In my short time in Tullulah, such occurrences have happened with more frequency. I’m not sure if it is the town, the forest, or my house that causes this. I only know that the longer I live here, the more these abilities increase.

When I was a child, I often talked to people while I was out playing in the fields around my grandparents’ farm in Wales. This worried my grandparents as it became clear that the people I encountered and described to them were former neighbors, all long dead.

The problem disappeared when I grew older. However, it came back to me upon my arrival in Tullulah. As time has passed, this new phenomenon of seeing auras seems to have added itself to my repertoire. At least, I suppose they are proper auras. Being an amateur, I’m not certain it is the same type of color that New Age aficionados see around people and objects. I only know that I see something there.

I’ve learned from other experiences that those things I see in colors have some importance to whatever my present situation might be. Usually, a small thing. I’ve come to think of it as a phenomenon somewhere between instinct and premonition, an extension of my thoughts that somehow manifests in color. At least, that’s my present theory. Who knows what might lie ahead as I spend more time in this place?

It began with seeing what I believe are ghosts nearby when I first moved here. As time has passed, what I see has become clearer and, with this peculiarity, more colorful.

Around the house, I sometimes see spots of various colors. At first, I found I couldn’t see them except in special photographs, ones taken by Riley Gardner, a young man in the area who fancies himself a ghost hunter. Later, I could see them with the help of a pair of Russian-made infrared binoculars from my former part-time work. Since then, somehow, my eyesight gradually adjusted to see several locations within the house, at varying times and without aid, where colored pockets of air hung around areas of, perhaps, supernatural importance.

As to my new books, they were behaving properly inside their bag in the car. No glowing blue spilling out. I turned left and parked in the post office’s lot. Short gusts of strong wind sent leaves flying past and pushed me along toward the doors for my final errand.

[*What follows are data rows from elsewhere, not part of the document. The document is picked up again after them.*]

(* Let $G$ be a symmetric restaking network and $\alpha_t$ a tight attack in $G$. Then there exists a consolidated attack $\alpha_c$ in $G$ (for a suitable ordering $v_1,\dots,v_m$ of $V$) with $C(\alpha_c)\le C(\alpha_t)$ and $\Pi(\alpha_c)=\Pi(\alpha_t)$.
   Context: A restaking network is a tuple $G=(V,S,\sigma,w,\theta,\pi)$ with finite nonempty validator set $V$, finite service set $S$, stake $\sigma:V\to\mathbb{R}_{>0}$, allocation $w:V\times S\to\mathbb{R}_{\ge0}$ with $w(v,s)\le\sigma(v)$, thresholds $\theta:S\to[0,1]$, prizes $\pi:S\to\mathbb{R}_{>0}$. An attack is $\alpha:V\times S\to\mathbb{R}_{\ge0}$ with $\alpha(v,s)\le w(v,s)$; attacked services $S_\alpha=\{s:\sum_v\alpha(v,s)\ge\theta(s)\sum_v w(v,s)\}$; validator cost $c_v(\alpha)=\min(\sigma(v),\sum_{s\in S_\alpha}\alpha(v,s))$; total cost $C(\alpha)=\sum_vc_v(\alpha)$; prize $\Pi(\alpha)=\sum_{s\in S_\alpha}\pi(s)$. $G$ is symmetric if all validators have the same stake $\sigma$, for each $s$ all validators have the same allocation $w(s)$, and all services have the same threshold $\theta$. Let $m=|V|$. An attack is tight if $\sum_v\alpha(v,s)=\theta m\,w(s)$ for all $s\in S_\alpha$. With $V=\{v_1,\dots,v_m\}$, an attack is consolidated if for every $s\in S_\alpha$ and $i\in\{1,\dots,m\}$: $\alpha(v_i,s)=w(s)$ if $i\le\lfloor\theta m\rfloor$; $\alpha(v_i,s)=(\theta m-\lfloor\theta m\rfloor)w(s)$ if $i=\lfloor\theta m\rfloor+1$; $\alpha(v_i,s)=0$ otherwise. *)

From HB Require Import structures.
From mathcomp Require Import all_boot all_order all_algebra.
From mathcomp Require Import reals.
Set Implicit Arguments. Unset Strict Implicit. Unset Printing Implicit Defensive.
Import Order.TTheory GRing.Theory Num.Theory.
Local Open Scope ring_scope.

(* A restaking network G = (V,S,sigma,w,theta,pi); V and S are the finite types. *)
Record network (R : realType) (V S : finType) := Network {
  stake : V -> R;
  alloc : V -> S -> R;
  thr   : S -> R;
  prize : S -> R }.

Definition valid_network (R : realType) (V S : finType) (G : network R V S) : Prop :=
  [/\ (0 < #|V|)%N,
      (forall v, 0 < stake G v),
      (forall v s, 0 <= alloc G v s /\ alloc G v s <= stake G v),
      (forall s, 0 <= thr G s /\ thr G s <= 1)
    & (forall s, 0 < prize G s)].

Definition is_attack (R : realType) (V S : finType) (G : network R V S)
  (a : V -> S -> R) : Prop :=
  forall v s, 0 <= a v s /\ a v s <= alloc G v s.

Definition attacked (R : realType) (V S : finType) (G : network R V S)
  (a : V -> S -> R) (s : S) : bool :=
  thr G s * (\sum_(v : V) alloc G v s) <= \sum_(v : V) a v s.

Definition vcost (R : realType) (V S : finType) (G : network R V S)
  (a : V -> S -> R) (v : V) : R :=
  Num.min (stake G v) (\sum_(s : S | attacked G a s) a v s).

Definition cost (R : realType) (V S : finType) (G : network R V S)
  (a : V -> S -> R) : R := \sum_(v : V) vcost G a v.

Definition prize_of (R : realType) (V S : finType) (G : network R V S)
  (a : V -> S -> R) : R := \sum_(s : S | attacked G a s) prize G s.

Definition symmetric_with (R : realType) (V S : finType) (G : network R V S)
  (sg th : R) (ws : S -> R) : Prop :=
  [/\ (forall v, stake G v = sg),
      (forall v s, alloc G v s = ws s)
    & (forall s, thr G s = th)].

Definition symmetric (R : realType) (V S : finType) (G : network R V S) : Prop :=
  exists sg th ws, symmetric_with G sg th ws.

Definition tight (R : realType) (V S : finType) (G : network R V S)
  (th : R) (ws : S -> R) (a : V -> S -> R) : Prop :=
  forall s, attacked G a s -> \sum_(v : V) a v s = th * #|V|%:R * ws s.

(* consolidated w.r.t. the ordering ord : 'I_m -> V (v_{i} = ord (i-1));
   the 0-based index j corresponds to i = j+1. *)
Definition consolidated (R : realType) (V S : finType) (G : network R V S)
  (th : R) (ws : S -> R) (ord : 'I_#|V| -> V) (a : V -> S -> R) : Prop :=
  forall s, attacked G a s -> forall j : 'I_#|V|,
    let i : int := (j.+1)%:Z in
    let fl : int := Num.floor (th * #|V|%:R) in
    a (ord j) s =
      if i <= fl then ws s
      else if i == fl + 1 then (th * #|V|%:R - fl%:~R) * ws s
      else 0.

From HB Require Import structures.
From mathcomp Require Import all_boot all_order all_algebra.
From mathcomp Require Import reals.
From mathcomp Require Import lra.
Set Implicit Arguments. Unset Strict Implicit. Unset Printing Implicit Defensive.
Import Order.TTheory GRing.Theory Num.Theory.
Local Open Scope ring_scope.

(* In a symmetric network every attacked service receives exactly theta m w(s)
   in a tight attack, and a validator's cost min(sigma, x) is concave in its
   total contribution x.  Among all ways of splitting the total contribution
   (floor(theta m) + f) W, with W the sum of w(s) over attacked services, into
   per-validator amounts in [0, W], the concave cost sum is smallest for the
   extreme split: floor(theta m) validators contributing W, one validator
   contributing f W, and the others nothing.  That split is the consolidated
   attack, and it attacks the same services, hence earns the same prize. *)

Definition consolidated_weight (R : numDomainType) (k : nat) (f : R) (j : nat)
  : R :=
  if (j < k)%N then 1 else if j == k then f else 0.

Lemma consolidated_weight_itv (R : numDomainType) (k : nat) (f : R) (j : nat) :
  0 <= f <= 1 -> 0 <= consolidated_weight k f j <= 1.
Proof.
move=> f_itv; rewrite /consolidated_weight.
by case: ifP => _; [|case: ifP => _]; rewrite ?lexx ?ler01.
Qed.

Lemma big_ord_consolidated_weight (R : numDomainType) (F : R -> R)
    (m k : nat) (f : R) :
  F 0 = 0 -> (k <= m)%N -> (k = m -> f = 0) ->
  \sum_(j < m) F (consolidated_weight k f j) = k%:R * F 1 + F f.
Proof.
move=> F0 le_km full_f0.
rewrite -(big_mkord xpredT (F \o consolidated_weight k f)) /=.
rewrite (big_cat_nat (leq0n k) le_km) /=.
have -> : \sum_(0 <= j < k) F (consolidated_weight k f j) = k%:R * F 1.
  rewrite big_nat_cond (eq_bigr (fun _ => F 1)); last first.
    by move=> j /andP[/andP[_ lt_jk] _]; rewrite /consolidated_weight lt_jk.
  by rewrite -big_nat_cond sumr_const_nat subn0 mulr_natl.
congr (_ + _); have [eq_km | ne_km] := eqVneq k m.
  by rewrite -eq_km big_geq // full_f0 // F0.
rewrite big_ltn ?ltn_neqAle ?ne_km // /consolidated_weight ltnn eqxx.
rewrite big_nat_cond big1 ?addr0 // => j /andP[/andP[lt_kj _] _].
by rewrite ltnNge ltnW // gtn_eqF.
Qed.

Lemma sum_consolidated_weight_rank (R : numDomainType) (V : finType)
    (F : R -> R) (k : nat) (f : R) :
  F 0 = 0 -> (k <= #|V|)%N -> (k = #|V| -> f = 0) ->
  \sum_(v : V) F (consolidated_weight k f (enum_rank v)) = k%:R * F 1 + F f.
Proof.
move=> F0 le_kV full_f0.
rewrite (reindex (@enum_val V V)) /=; last first.
  by exists enum_rank => v _; rewrite ?enum_valK ?enum_rankK.
under eq_bigr => j _ do rewrite enum_valK.
exact: big_ord_consolidated_weight.
Qed.

Lemma sum_min_excess (R : realDomainType) (V : finType) (c : R) (x : V -> R) :
  \sum_v Num.min c (x v) = \sum_v x v - \sum_(v | c < x v) (x v - c).
Proof.
rewrite (bigID (fun v => c < x v)) /= [in RHS](bigID (fun v => c < x v)) /=.
rewrite (eq_bigr (fun => c)) => [|v lt_cx]; last by rewrite min_l ?ltW.
rewrite [X in _ + X](eq_bigr x) => [|v]; last by rewrite -leNgt => /min_r.
by rewrite sumrB sumr_const; lra.
Qed.

Lemma sum_min_ge_consolidated (R : realDomainType) (V : finType)
    (x : V -> R) (c W f : R) (k : nat) :
  0 < c -> 0 <= W -> 0 <= f -> (forall v, 0 <= x v <= W) ->
  \sum_v x v = (k%:R + f) * W ->
  k%:R * Num.min c W + Num.min c (f * W) <= \sum_v Num.min c (x v).
Proof.
move=> c_gt0 W_ge0 f_ge0 x_itv sum_x.
pose p := #|[pred v | c < x v]|.
have excess_le_W : \sum_(v | c < x v) (x v - c) <= p%:R * (W - c).
  by rewrite mulr_natl -sumr_const; apply: ler_sum => v _; have := x_itv v; lra.
have excess_le_sum : \sum_(v | c < x v) (x v - c) <= \sum_v x v - p%:R * c.
  rewrite sumrB sumr_const -mulr_natr (bigID (fun v => c < x v) xpredT) /=.
  suff : 0 <= \sum_(v | ~~ (c < x v)) x v by lra.
  by apply: sumr_ge0 => v _; have := x_itv v; lra.
rewrite sum_min_excess.
have minW_le : Num.min c W <= c /\ Num.min c W <= W by rewrite !ge_min !lexx ?orbT.
have minfW_le : Num.min c (f * W) <= c /\ Num.min c (f * W) <= f * W.
  by rewrite !ge_min !lexx ?orbT.
have [le_pk | lt_kp] := leqP p k.
- (* few validators exceed the cap: their excess is at most k (W - min c W) *)
  have : p%:R * (W - c) <= k%:R * (W - Num.min c W).
    apply: (le_trans (y := p%:R * (W - Num.min c W))).
      by apply: ler_wpM2l => //; lra.
    by apply: ler_wpM2r; [lra | rewrite ler_nat].
  rewrite sum_x; nra.
- (* many validators exceed the cap: each of at least k + 1 of them pays c *)
  have : k%:R + 1 <= p%:R :> R by rewrite natr1 ler_nat.
  have : 0 <= k%:R :> R by [].
  nra.
Qed.

Section Consolidation.
Variables (R : realType) (V S : finType) (G : network R V S).
Variables (sg th : R) (ws : S -> R).
Hypothesis stake_sym : forall v, stake G v = sg.
Hypothesis alloc_sym : forall v s, alloc G v s = ws s.
Hypothesis thr_sym : forall s, thr G s = th.
Hypothesis sg_gt0 : 0 < sg.
Hypothesis ws_ge0 : forall s, 0 <= ws s.

Variable k : nat.
Hypothesis floor_quota : Num.floor (th * #|V|%:R) = k%:Z.
Hypothesis quota_le : th * #|V|%:R <= #|V|%:R.

Let frac := th * #|V|%:R - k%:R.

Let frac_itv : 0 <= frac < 1.
Proof. by have := floor_itv (th * #|V|%:R); rewrite floor_quota intrD /frac; lra. Qed.

Let k_le_card : (k <= #|V|)%N.
Proof.
by rewrite -(ler_nat R); case/andP: frac_itv; move: quota_le; rewrite /frac; lra.
Qed.

Let frac_full : k = #|V| -> frac = 0.
Proof.
by case/andP: frac_itv; move: quota_le; rewrite /frac => + + _ eq_kV; rewrite eq_kV; lra.
Qed.

Variable at_ : V -> S -> R.
Hypothesis at_attack : is_attack G at_.
Hypothesis at_tight : tight G th ws at_.

Definition consolidate : V -> S -> R := fun v s =>
  if attacked G at_ s then consolidated_weight k frac (enum_rank v) * ws s
  else 0.

Lemma sum_alloc_sym s : \sum_v alloc G v s = #|V|%:R * ws s.
Proof. by under eq_bigr => v _ do rewrite alloc_sym; rewrite sumr_const mulr_natl. Qed.

Lemma sum_consolidate s :
  \sum_v consolidate v s = if attacked G at_ s then th * #|V|%:R * ws s else 0.
Proof.
rewrite /consolidate; case: (attacked G at_ s); last by rewrite big1.
rewrite -mulr_suml (@sum_consolidated_weight_rank _ _ id) //=.
by rewrite /frac mulr1 addrC subrK.
Qed.

Lemma attacked_consolidate : attacked G consolidate =1 attacked G at_.
Proof.
move=> s; rewrite [LHS]/attacked sum_consolidate sum_alloc_sym thr_sym mulrA.
case at_s: (attacked G at_ s); first by rewrite lexx.
have : 0 <= \sum_v at_ v s by apply: sumr_ge0 => v _; case: (at_attack v s).
move: at_s; rewrite /attacked sum_alloc_sym thr_sym mulrA => /negbT.
by rewrite -!ltNge => ? ?; apply/negbTE; rewrite -ltNge; lra.
Qed.

Lemma consolidate_is_attack : is_attack G consolidate.
Proof.
move=> v s; rewrite /consolidate alloc_sym; case: ifP => _; last by rewrite lexx.
have := @consolidated_weight_itv _ k frac (enum_rank v); have := ws_ge0 s.
by move: frac_itv; split; nra.
Qed.

Lemma consolidate_consolidated : consolidated G th ws enum_val consolidate.
Proof.
move=> s; rewrite attacked_consolidate => at_s j /=.
rewrite /consolidate at_s enum_valK floor_quota /consolidated_weight.
rewrite -(PoszD k 1) addn1 lez_nat eqz_nat eqSS.
by case: ifP => _; [rewrite mul1r | case: ifP => _; rewrite ?mul0r].
Qed.

Lemma cost_consolidate_le : cost G consolidate <= cost G at_.
Proof.
set W := \sum_(s | attacked G at_ s) ws s.
have W_ge0 : 0 <= W by apply: sumr_ge0.
have -> : cost G consolidate =
    \sum_(v : V) Num.min sg (consolidated_weight k frac (enum_rank v) * W).
  apply: eq_bigr => v _; rewrite /vcost stake_sym (eq_bigl _ _ attacked_consolidate).
  rewrite mulr_sumr; congr Num.min; apply: eq_bigr => s at_s.
  by rewrite /consolidate at_s mulrC.
rewrite (@sum_consolidated_weight_rank _ _ (fun c => Num.min sg (c * W))) //=;
  last by rewrite mul0r min_r ?ltW.
rewrite mul1r /cost /vcost; under eq_bigr => v _ do rewrite stake_sym.
apply: sum_min_ge_consolidated => // [|v|].
- by case/andP: frac_itv.
- apply/andP; split; first by apply: sumr_ge0 => s _; case: (at_attack v s).
  by apply: ler_sum => s _; rewrite -(alloc_sym v s); case: (at_attack v s).
- rewrite exchange_big /= (eq_bigr (fun s => th * #|V|%:R * ws s)) => [|s /at_tight //].
  by rewrite -mulr_sumr /frac addrC subrK.
Qed.

Lemma prize_consolidate : prize_of G consolidate = prize_of G at_.
Proof. exact: eq_bigl attacked_consolidate. Qed.

End Consolidation.

Theorem mainTheorem11 (R : realType) (V S : finType) (G : network R V S)
  (sg th : R) (ws : S -> R) (at_ : V -> S -> R) :
  valid_network G ->
  symmetric_with G sg th ws ->
  is_attack G at_ ->
  tight G th ws at_ ->
  exists (ord : 'I_#|V| -> V) (ac : V -> S -> R),
    [/\ bijective ord, is_attack G ac, consolidated G th ws ord ac,
        cost G ac <= cost G at_ & prize_of G ac = prize_of G at_].
Proof.
case=> /card_gt0P[v0 _] stake_gt0 alloc_itv thr_itv _ [stake_sym alloc_sym thr_sym].
move=> at_attack at_tight.
have enum_val_bij : bijective (@enum_val V V).
  by exists enum_rank; [exact: enum_valK | exact: enum_rankK].
have [s0 _ | no_service] := pickP (@predT S); last first.
  by exists enum_val, at_; split => // s; have := no_service s.
have sg_gt0 : 0 < sg by rewrite -(stake_sym v0).
have ws_ge0 s : 0 <= ws s by rewrite -(alloc_sym v0 s); case: (alloc_itv v0 s).
have [th_ge0 th_le1] : 0 <= th /\ th <= 1 by rewrite -(thr_sym s0).
have quota_le : th * #|V|%:R <= #|V|%:R by rewrite ler_piMl.
have [k floor_quota] : exists k : nat, Num.floor (th * #|V|%:R) = k%:Z.
  have : 0 <= Num.floor (th * #|V|%:R) by rewrite floor_ge0 mulr_ge0.
  by case: (Num.floor _) => // k _; exists k.
exists enum_val, (consolidate G th ws k at_); split.
- exact: enum_val_bij.
- exact: (consolidate_is_attack alloc_sym ws_ge0 floor_quota at_).
- exact: (consolidate_consolidated alloc_sym thr_sym floor_quota quota_le at_attack).
- exact: (cost_consolidate_le stake_sym alloc_sym thr_sym sg_gt0 ws_ge0 floor_quota
    quota_le at_attack at_tight).
- exact: (prize_consolidate alloc_sym thr_sym floor_quota quota_le at_attack).
Qed.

My mailbox was quite full. I subscribe to various archaeological, science, and history journals, and noted happily that several had come that day. I would have plenty to read by candlelight if the power went out.

The wind whipped around me as I returned to my car. I could see darker clouds at the edge of town coming this way. To the east, blue skies and sunshine prevailed but not for long.

I worried about Phoebe. She doesn’t have a basement. Mine is large and quite comfortable. I decided to make a last stop at her house, to see if she wanted to stay with me, in case a tornado did come into the area.